[Saved entries]
==========

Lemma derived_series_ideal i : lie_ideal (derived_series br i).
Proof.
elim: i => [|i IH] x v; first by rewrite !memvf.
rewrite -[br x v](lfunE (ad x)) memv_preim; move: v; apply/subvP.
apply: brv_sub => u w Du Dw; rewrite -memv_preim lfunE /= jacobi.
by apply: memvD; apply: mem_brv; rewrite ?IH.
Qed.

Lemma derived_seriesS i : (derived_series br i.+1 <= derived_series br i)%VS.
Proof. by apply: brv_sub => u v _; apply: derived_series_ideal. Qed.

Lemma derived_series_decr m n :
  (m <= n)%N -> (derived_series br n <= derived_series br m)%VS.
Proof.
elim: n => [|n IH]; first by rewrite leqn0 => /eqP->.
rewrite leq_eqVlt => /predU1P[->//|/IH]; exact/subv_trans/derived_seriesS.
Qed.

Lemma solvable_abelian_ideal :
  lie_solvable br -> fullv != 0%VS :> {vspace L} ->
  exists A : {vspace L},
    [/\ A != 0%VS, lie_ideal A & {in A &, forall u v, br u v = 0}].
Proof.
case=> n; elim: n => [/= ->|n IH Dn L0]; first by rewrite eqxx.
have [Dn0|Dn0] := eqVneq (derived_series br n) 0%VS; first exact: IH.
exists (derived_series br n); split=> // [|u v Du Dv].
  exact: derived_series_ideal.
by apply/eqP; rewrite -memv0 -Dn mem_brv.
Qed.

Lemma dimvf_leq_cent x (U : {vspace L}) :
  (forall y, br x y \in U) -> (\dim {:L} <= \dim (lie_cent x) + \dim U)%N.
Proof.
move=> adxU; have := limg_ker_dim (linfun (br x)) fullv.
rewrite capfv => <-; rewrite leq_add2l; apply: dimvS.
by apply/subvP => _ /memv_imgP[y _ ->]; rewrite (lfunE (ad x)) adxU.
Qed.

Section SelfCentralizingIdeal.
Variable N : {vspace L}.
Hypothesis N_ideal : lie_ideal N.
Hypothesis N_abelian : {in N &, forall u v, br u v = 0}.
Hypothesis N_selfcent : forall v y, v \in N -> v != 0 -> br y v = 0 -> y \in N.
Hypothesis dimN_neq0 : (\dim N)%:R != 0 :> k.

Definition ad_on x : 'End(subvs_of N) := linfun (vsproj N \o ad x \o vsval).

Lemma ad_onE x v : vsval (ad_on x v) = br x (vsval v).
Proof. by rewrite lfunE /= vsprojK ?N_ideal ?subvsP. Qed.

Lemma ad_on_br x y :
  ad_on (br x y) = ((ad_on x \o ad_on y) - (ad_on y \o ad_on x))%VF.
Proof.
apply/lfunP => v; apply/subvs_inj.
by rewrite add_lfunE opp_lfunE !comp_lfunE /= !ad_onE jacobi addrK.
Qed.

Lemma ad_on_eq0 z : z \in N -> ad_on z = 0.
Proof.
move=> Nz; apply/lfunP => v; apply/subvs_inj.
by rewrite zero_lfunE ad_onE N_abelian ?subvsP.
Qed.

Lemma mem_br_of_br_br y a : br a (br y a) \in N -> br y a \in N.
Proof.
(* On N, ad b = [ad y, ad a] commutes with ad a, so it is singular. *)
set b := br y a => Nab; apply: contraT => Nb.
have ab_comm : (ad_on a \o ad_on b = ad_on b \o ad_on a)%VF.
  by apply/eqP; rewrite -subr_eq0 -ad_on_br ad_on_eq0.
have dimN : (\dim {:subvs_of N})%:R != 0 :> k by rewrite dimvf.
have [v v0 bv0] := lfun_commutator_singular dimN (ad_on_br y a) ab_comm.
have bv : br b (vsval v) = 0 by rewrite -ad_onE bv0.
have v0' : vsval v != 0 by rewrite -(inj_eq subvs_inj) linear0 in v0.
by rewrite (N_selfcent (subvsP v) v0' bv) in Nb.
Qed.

==========

* **What to produce**: In this exercise, give every record above again exactly.

* **Expected output**:
Lemma derived_series_ideal i : lie_ideal (derived_series br i).
Proof.
elim: i => [|i IH] x v; first by rewrite !memvf.
rewrite -[br x v](lfunE (ad x)) memv_preim; move: v; apply/subvP.
apply: brv_sub => u w Du Dw; rewrite -memv_preim lfunE /= jacobi.
by apply: memvD; apply: mem_brv; rewrite ?IH.
Qed.

Lemma derived_seriesS i : (derived_series br i.+1 <= derived_series br i)%VS.
Proof. by apply: brv_sub => u v _; apply: derived_series_ideal. Qed.

Lemma derived_series_decr m n :
  (m <= n)%N -> (derived_series br n <= derived_series br m)%VS.
Proof.
elim: n => [|n IH]; first by rewrite leqn0 => /eqP->.
rewrite leq_eqVlt => /predU1P[->//|/IH]; exact/subv_trans/derived_seriesS.
Qed.

Lemma solvable_abelian_ideal :
  lie_solvable br -> fullv != 0%VS :> {vspace L} ->
  exists A : {vspace L},
    [/\ A != 0%VS, lie_ideal A & {in A &, forall u v, br u v = 0}].
Proof.
case=> n; elim: n => [/= ->|n IH Dn L0]; first by rewrite eqxx.
have [Dn0|Dn0] := eqVneq (derived_series br n) 0%VS; first exact: IH.
exists (derived_series br n); split=> // [|u v Du Dv].
  exact: derived_series_ideal.
by apply/eqP; rewrite -memv0 -Dn mem_brv.
Qed.

Lemma dimvf_leq_cent x (U : {vspace L}) :
  (forall y, br x y \in U) -> (\dim {:L} <= \dim (lie_cent x) + \dim U)%N.
Proof.
move=> adxU; have := limg_ker_dim (linfun (br x)) fullv.
rewrite capfv => <-; rewrite leq_add2l; apply: dimvS.
by apply/subvP => _ /memv_imgP[y _ ->]; rewrite (lfunE (ad x)) adxU.
Qed.

Section SelfCentralizingIdeal.
Variable N : {vspace L}.
Hypothesis N_ideal : lie_ideal N.
Hypothesis N_abelian : {in N &, forall u v, br u v = 0}.
Hypothesis N_selfcent : forall v y, v \in N -> v != 0 -> br y v = 0 -> y \in N.
Hypothesis dimN_neq0 : (\dim N)%:R != 0 :> k.

Definition ad_on x : 'End(subvs_of N) := linfun (vsproj N \o ad x \o vsval).

Lemma ad_onE x v : vsval (ad_on x v) = br x (vsval v).
Proof. by rewrite lfunE /= vsprojK ?N_ideal ?subvsP. Qed.

Lemma ad_on_br x y :
  ad_on (br x y) = ((ad_on x \o ad_on y) - (ad_on y \o ad_on x))%VF.
Proof.
apply/lfunP => v; apply/subvs_inj.
by rewrite add_lfunE opp_lfunE !comp_lfunE /= !ad_onE jacobi addrK.
Qed.

Lemma ad_on_eq0 z : z \in N -> ad_on z = 0.
Proof.
move=> Nz; apply/lfunP => v; apply/subvs_inj.
by rewrite zero_lfunE ad_onE N_abelian ?subvsP.
Qed.

Lemma mem_br_of_br_br y a : br a (br y a) \in N -> br y a \in N.
Proof.
(* On N, ad b = [ad y, ad a] commutes with ad a, so it is singular. *)
set b := br y a => Nab; apply: contraT => Nb.
have ab_comm : (ad_on a \o ad_on b = ad_on b \o ad_on a)%VF.
  by apply/eqP; rewrite -subr_eq0 -ad_on_br ad_on_eq0.
have dimN : (\dim {:subvs_of N})%:R != 0 :> k by rewrite dimvf.
have [v v0 bv0] := lfun_commutator_singular dimN (ad_on_br y a) ab_comm.
have bv : br b (vsval v) = 0 by rewrite -ad_onE bv0.
have v0' : vsval v != 0 by rewrite -(inj_eq subvs_inj) linear0 in v0.
by rewrite (N_selfcent (subvsP v) v0' bv) in Nb.
Qed.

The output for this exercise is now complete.